Enrique Lihn. Monólogo del poeta con su muerte

Presentamos dos textos claves del imprescindible autor chileno.

 

 

 

Enrique Lihn

 

 

 

DE ANCIANO A ANCIANA A TRAVÉS DE SUS CELDAS CIRCULARES

 

Leeremos poemas que escribí hace tres años,

después de haberte sido presentado

por un desconocido, junto al invernadero,

bajo un cielo de agosto manchado por la lluvia

tácita como el ángel que tú eras.

 

Ya habrá pasado todo ese futuro

que sólo fue un instante de tiempo reunido

durante nuestro encuentro, habrá pasado

lo que nunca llegará a suceder,

eso que, sin embargo, como un eje a sus ruedas nos reúne,

fundiendo nuestros viajes paralelos.

 

Leeremos mis versos, leeremos tus cartas de hace siglos,

dirigidas a mí que las besaba en una pieza roja de soltero;

buscando en ellas algo, una frase invisible que pudo comenzar.

 

¿Por qué, me digo ahora, no fue doble tu mano,

por qué callaste sílabas que hubiesen revelado

el revés del amor y sus satélites, negros,

en la negrura que ahora nos corona?

 

Pero estábamos tristes: debías regresar

continuamente al punto de partida

y el nuestro era un encuentro de dos seres que huyen

por una misma calle a mediodía

fingiendo caminar con lentitud.

 

 

 

 

MONÓLOGO DEL POETA CON SU MUERTE

 

Y ahora te toca a ti: el poeta y su muerte;

no es una buena escena ni aun para el autor

de los monólogos: nada ocurre en ella

de especialmente emocionante.

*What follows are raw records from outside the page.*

(* If $Q$ is a Jordan loop of order $9$ and $x\in Q$ satisfies $\langle x\rangle=Q$, then $Q=\{x^k:1\le k\le 9\}$ and $x^n=x^{(n\bmod 9)}$ for all integers $n\ge 0$.
   Context: A loop is a set $Q$ with a binary operation (juxtaposition) and neutral element $e$ such that for all $a,b$ the equations $ax=b$, $ya=b$ have unique solutions. A Jordan loop is a commutative loop satisfying $x^2(yx)=(x^2y)x$. For $k\ge 0$, $x^k$ denotes the right-associated product $x(x(\cdots(xe)\cdots))$ with $k$ factors $x$ (so $x^0=e$). $\langle x\rangle$ denotes the subloop generated by $x$. *)

From mathcomp Require Import all_boot.
Set Implicit Arguments. Unset Strict Implicit. Unset Printing Implicit Defensive.

Definition is_loop (T : finType) (op : T -> T -> T) (e : T) : Prop :=
  (forall a, op e a = a /\ op a e = a) /\
  (forall a b, exists! x, op a x = b) /\
  (forall a b, exists! y, op y a = b).

Definition is_jordan_loop (T : finType) (op : T -> T -> T) (e : T) : Prop :=
  is_loop op e /\
  (forall a b, op a b = op b a) /\
  (forall x y, op (op x x) (op y x) = op (op (op x x) y) x).

Definition lpow (T : Type) (op : T -> T -> T) (e x : T) (k : nat) : T :=
  iter k (op x) e.

Definition is_subloop (T : finType) (op : T -> T -> T) (e : T) (S : {set T}) : Prop :=
  e \in S /\
  (forall a b, a \in S -> b \in S -> op a b \in S) /\
  (forall a b z, a \in S -> b \in S -> op a z = b -> z \in S) /\
  (forall a b z, a \in S -> b \in S -> op z a = b -> z \in S).

(* Membership in the subloop generated by x: y lies in every subloop
   containing x (i.e. in their intersection, which is <x>). *)
Definition in_gen_subloop (T : finType) (op : T -> T -> T) (e x y : T) : Prop :=
  forall S : {set T}, is_subloop op e S -> x \in S -> y \in S.

(* Let n be the order of left multiplication by x on the orbit of e, so that
   x^0, ..., x^(n-1) are distinct and x^k only depends on k mod n.  In a Jordan
   loop x^2 x^k = x^(k+2) and x^4 x^k = x^(k+4), so for d in {0,1,2,4} left
   multiplication by x^d permutes the powers of x.  If some r is not a power of
   x and n > 4, the four elements x^d r are then distinct and not powers, whence
   n + 4 <= |Q|; with |Q| <= 9 this forces n <= 5.  But for n <= 5 the powers
   are closed under multiplication (the only product not covered by the above,
   x^3 x^3, is x^2 when n = 4 and x^16 when n = 5), so they form a subloop
   containing x, hence all of Q. *)

From mathcomp Require Import all_boot zify.

Set Implicit Arguments.
Unset Strict Implicit.
Unset Printing Implicit Defensive.

Lemma inj_stable_preim (T : finType) (f : T -> T) (S : {set T}) :
  injective f -> {in S, forall y, f y \in S} -> forall z, f z \in S -> z \in S.
Proof.
move=> f_inj f_S z; have fS_S : f @: S = S.
  apply/eqP; rewrite eqEcard card_imset // leqnn andbT.
  by apply/subsetP=> _ /imsetP[y y_S ->]; apply: f_S.
by rewrite -{1}fS_S mem_imset.
Qed.

Section Loop.

Variables (T : finType) (op : T -> T -> T) (e : T).
Hypothesis loopQ : is_loop op e.

Lemma loop_mul1l a : op e a = a.
Proof. by case: loopQ => /(_ a)[]. Qed.

Lemma loop_mul1r a : op a e = a.
Proof. by case: loopQ => /(_ a)[]. Qed.

Lemma loop_rinj : right_injective op.
Proof.
move=> a y z eq_ay_az; case: loopQ => _ [/(_ a (op a y))[w [_ w_uniq]] _].
by rewrite -(w_uniq y erefl) -(w_uniq z (esym eq_ay_az)).
Qed.

Lemma loop_linj : left_injective op.
Proof.
move=> a y z eq_ya_za; case: loopQ => _ [_ /(_ a (op y a))[w [_ w_uniq]]].
by rewrite -(w_uniq y erefl) -(w_uniq z (esym eq_ya_za)).
Qed.

Lemma mul_closed_subloop (S : {set T}) :
  e \in S -> {in S &, forall a b, op a b \in S} -> is_subloop op e S.
Proof.
move=> e_S mul_S; split=> //; split; first exact: mul_S.
split=> a b z a_S b_S eq_b.
  apply: (inj_stable_preim (@loop_rinj a)) => [y y_S|]; last by rewrite eq_b.
  exact: mul_S.
apply: (inj_stable_preim (@loop_linj a)) => [y y_S|]; last by rewrite eq_b.
exact: mul_S.
Qed.

Variable x : T.
Local Notation pw := (lpow op e x).
Local Notation n := (order (op x) e).

Definition lpows : {set T} := [set y in orbit (op x) e].

Lemma lpow1 : pw 1 = x.
Proof. exact: loop_mul1r. Qed.

Lemma lpow_order : pw n = e.
Proof. exact/iter_order/loop_rinj. Qed.

Lemma lpowD_order k : pw (n + k) = pw k.
Proof. by rewrite /lpow addnC iterD; congr iter; apply: lpow_order. Qed.

Lemma lpow_modn k : pw k = pw (k %% n).
Proof.
rewrite {1}(divn_eq k n); elim: (k %/ n) => [|q IHq]; first by rewrite mul0n.
by rewrite mulSn -addnA lpowD_order.
Qed.

Lemma lpow_inj i j : i < n -> j < n -> pw i = pw j -> i = j.
Proof.
move=> lt_in lt_jn eq_ij.
by rewrite -(findex_iter lt_in) -(findex_iter lt_jn); congr findex.
Qed.

Lemma mem_lpows y : reflect (exists2 k, k < n & y = pw k) (y \in lpows).
Proof. by rewrite inE; apply: trajectP. Qed.

Lemma lpow_in_lpows k : pw k \in lpows.
Proof.
apply/mem_lpows; exists (k %% n); last exact: lpow_modn.
by rewrite ltn_mod order_gt0.
Qed.

Lemma e_in_lpows : e \in lpows.
Proof. exact: (lpow_in_lpows 0). Qed.

Lemma x_in_lpows : x \in lpows.
Proof. by rewrite -lpow1 lpow_in_lpows. Qed.

Lemma card_lpows : #|lpows| = n.
Proof. by rewrite cardsE (card_uniqP (orbit_uniq _ _)) size_orbit. Qed.

End Loop.

Section JordanLoop.

Variables (T : finType) (op : T -> T -> T) (e : T).
Hypothesis jordanQ : is_jordan_loop op e.

Let loopQ : is_loop op e := jordanQ.1.
Let mul1l := loop_mul1l loopQ.
Let mul1r := loop_mul1r loopQ.
Let mulI := loop_rinj loopQ.
Let mulIl := loop_linj loopQ.

Lemma jordan_mulC : commutative op.
Proof. by case: jordanQ => _ []. Qed.

Lemma jordan_sqr_mulA a y : op (op a a) (op a y) = op a (op (op a a) y).
Proof. by case: jordanQ => _ [mulC jordan]; rewrite (mulC a y) jordan mulC. Qed.

Lemma jordan_sqr_inv a u : op a u = e -> op a (op u u) = u.
Proof.
move=> au_e; case: jordanQ => _ [mulC /(_ u a)].
rewrite au_e mul1r [op (op (op u u) a) u]mulC (mulC _ a).
by move/mulI/esym.
Qed.

Variable x : T.
Local Notation pw := (lpow op e x).
Local Notation n := (order (op x) e).

Lemma lpow2_mul k : op (pw 2) (pw k) = pw (2 + k).
Proof.
have pw2 : pw 2 = op x x by rewrite /lpow /= mul1r.
elim: k => [|k IHk]; first exact: mul1r.
by rewrite [pw k.+1]/= pw2 jordan_sqr_mulA -pw2 IHk addnS.
Qed.

Lemma lpow4_mul k : op (pw 4) (pw k) = pw (4 + k).
Proof.
have pw4 : pw 4 = op (pw 2) (pw 2) by rewrite lpow2_mul.
suff: op (pw 4) (pw k) = pw (4 + k) /\ op (pw 4) (pw k.+1) = pw (4 + k.+1) by case.
elim: k => [|k [IHk IHk1]].
  by rewrite mul1r (lpow1 loopQ) jordan_mulC.
split=> //; have -> : pw k.+2 = op (pw 2) (pw k) by rewrite lpow2_mul.
by rewrite pw4 jordan_sqr_mulA -pw4 IHk lpow2_mul; congr pw; lia.
Qed.

Lemma lpow8_sqr : op (pw 8) (pw 8) = pw 16.
Proof.
have pw8 : pw 8 = op (pw 4) (pw 4) by rewrite lpow4_mul.
by rewrite {2}pw8 pw8 jordan_sqr_mulA -pw8 (jordan_mulC (pw 8)) !lpow4_mul.
Qed.

Lemma lpow_mul_small d k : d \in [:: 0; 1; 2; 4] -> op (pw d) (pw k) = pw (d + k).
Proof.
rewrite !inE => /or4P[] /eqP->.
- exact: mul1l.
- by rewrite (lpow1 loopQ) add1n.
- exact: lpow2_mul.
- exact: lpow4_mul.
Qed.

Lemma lpows_mul_closed :
  n <= 5 -> {in lpows op e x &, forall a b, op a b \in lpows op e x}.
Proof.
move=> n_le5 _ _ /mem_lpows[i lt_in ->] /mem_lpows[j lt_jn ->].
have [i_small|i_big] := boolP (i \in [:: 0; 1; 2; 4]).
  by rewrite lpow_mul_small // lpow_in_lpows.
have [j_small|j_big] := boolP (j \in [:: 0; 1; 2; 4]).
  by rewrite jordan_mulC lpow_mul_small // lpow_in_lpows.
have not_small3 k : k < 5 -> k \notin [:: 0; 1; 2; 4] -> k = 3.
  by case: k => [|[|[|[|[|]]]]].
have i3 : i = 3 by apply: not_small3 => //; lia.
have j3 : j = 3 by apply: not_small3 => //; lia.
rewrite {}j3 {}i3 in lt_in *.
have [n4|n5] : n = 4 \/ n = 5 by lia.
  have x_pw3 : op x (pw 3) = e by move: (lpow_order loopQ x); rewrite n4.
  have -> : op (pw 3) (pw 3) = pw 2 by apply/mulI/(jordan_sqr_inv x_pw3).
  exact: lpow_in_lpows.
have -> : pw 3 = pw 8 by rewrite -(lpowD_order loopQ) n5.
by rewrite lpow8_sqr lpow_in_lpows.
Qed.

Lemma card_lpows_coset r : 4 < n -> r \notin lpows op e x -> n + 4 <= #|T|.
Proof.
move=> n_gt4 r_out; pose coset := [seq op (pw d) r | d <- [:: 0; 1; 2; 4]].
have small_lt_n (d : nat) : d \in [:: 0; 1; 2; 4] -> d < n.
  by rewrite !inE => /or4P[] /eqP->; lia.
have coset_out : {subset coset <= ~: lpows op e x}.
  move=> _ /mapP[d small_d ->]; rewrite inE; apply: contra r_out.
  case/mem_lpows=> k _ pw_k.
  have : op (pw d) r = op (pw d) (pw (n - d + k)).
    by rewrite lpow_mul_small // addnA subnKC ?lpowD_order // ltnW ?small_lt_n.
  by move/mulI->; apply: lpow_in_lpows.
have coset_uniq : uniq coset.
  apply: map_inj_in_uniq => // d d' small_d small_d' /mulIl eq_pw.
  by apply: lpow_inj eq_pw; apply: small_lt_n.
rewrite -(cardsC (lpows op e x)) card_lpows leq_add2l.
have <- : size coset = 4 by [].
by rewrite -(card_uniqP coset_uniq); apply/subset_leq_card/subsetP.
Qed.

Lemma lpows_setT :
  #|T| <= 9 -> (forall y, in_gen_subloop op e x y) -> lpows op e x = [set: T].
Proof.
move=> card_le9 gen_x; apply/setP=> y; rewrite in_setT.
have [n_le5|n_gt5] := leqP n 5.
  apply: (gen_x y); last exact: x_in_lpows.
  apply: (mul_closed_subloop loopQ); last exact: lpows_mul_closed.
  exact: e_in_lpows.
apply/negPn/negP=> /card_lpows_coset; lia.
Qed.

End JordanLoop.

Theorem lemma3p7 (T : finType) (op : T -> T -> T) (e x : T) :
  is_jordan_loop op e ->
  #|T| = 9 ->
  (forall y : T, in_gen_subloop op e x y) ->
  (forall y : T, exists k : nat, 1 <= k <= 9 /\ y = lpow op e x k) /\
  (forall n : nat, lpow op e x n = lpow op e x (n %% 9)).
Proof.
move=> jordanQ card9 gen_x; have loopQ := jordanQ.1.
have lpowsT : lpows op e x = [set: T] := lpows_setT jordanQ (eq_leq card9) gen_x.
have order9 : order (op x) e = 9 by rewrite -card_lpows lpowsT cardsT.
split=> [y|k]; last by rewrite -order9 (lpow_modn loopQ).
have /mem_lpows[[|k] lt_k9 ->] : y \in lpows op e x by rewrite lpowsT.
  by exists 9; split=> //; rewrite -order9 (lpow_order loopQ).
by exists k.+1; rewrite order9 in lt_k9; split=> //; apply: ltnW.
Qed.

El rostro

mismo del miedo que uno pensaría

todo un teatro de máscaras,

no es más que este pie equino, un sapo informe,

un puñado de hongos.

 

Tu misma enfermedad, nunca se supo

quién de los dos el cuerpo, quién el alma

hasta su floración en una noche

en que al gusto habitual a tierra de hojas

de tu lengua, sentiste con horror

que se mezclaba al polen venenoso,

y tus pies te llevaron a la rastra

por el camino de tus hospitales.

 

Cuánta inocencia ahora

que la muerte prepara tu bautismo

en las aguas servidas de la sangre

una y mil veces transformadas en vino,

quiere que tú te mires en ellas sollozando,

como si todo tu pasado fuera

algo por verse allí

en ese triste espejo que volvía a trizarse

cada siete años, con tu cara adentro.

Todo lo tuyo fue —dicen las trizaduras—

altos y bajos de la mala suerte.

 

Quienes van a morir en esta pieza

de hospital, ya lo saben los unos de los otros;

lo repiten, lo aprenden, lo recitan, lo aúllan.

El silabario del dolor circula

de cama en cama, los recuerdos tiemblan

juntos, como en un ghetto de Varsovia.

(Médicos que parecen gaviotas, alcatraces,

vuelan sobre un cardumen de termómetros,

y las horribles golondrinas ruedan

con las alas zurcidas a la espalda

y los pies húmedos de escupitajos.)

Nadie, si lo quisiera, podría hacerse trampas

pensando que es un juego esta partida

ni sacar un horrible solitario

la memoria sajada de los unos

supura, abiertamente,

toda la porquería inolvidable,

la de los otros se extravía y canta

salmos del cloroformo tangos dodecafónicos

algodonosos y sanguinolentos.

 

Pero tú, sustraído al delirio común

por un miedo que ya no tiene nombre

ni otra figura que la tuya propia,

vas a morir con dignidad, se dice.

Quizás, como no aceptes de la muerte otra cosa

que, por entretener a las visitas,

unos tropiezos de bufón danzante

junto al trono del rey del humor negro

Y pues ahora que te asisten plenos

poderes como a Ubú o Chaplin, los imbéciles

sólo atinan a irse

como si se sentaran en las brasas,

tu soledad es cada vez más tuya,

precisas no mezclarte con la chusma, distraes

la mirada paseándola por el vago rebaño

de las camas, te miras el ombligo del mundo.

Todo el orgullo que se diga es poco.

 

De los recuerdos de tu infancia, no más

juega tu corazón, como en un viejo patio

casi vacío, con los más tranquilos.

Cedes —toda prudencia— al sueño que soñabas

cuando era el despertar de un niño a la dulzura

de la convalecencia, entre las manos

maternales

Piensas en los hermanos Grimm y en Andersen.

Sabes, crees saber que, pasajero

de un tren-cisne-dragón-globo aerostático,

vas salvando el escollo de la noche, y el aire

libre, la luz del otro extremo del túnel,

te murmura al oído: “ahora estás sano y salvo”.

¡Un día al fin! Tu madre, toda suave lectura,

vuelve para aventar del patio los recuerdos

turbulentos, que gritan: ¡El muerto, el muerto, el muerto!

con las orejas y las manos sucias.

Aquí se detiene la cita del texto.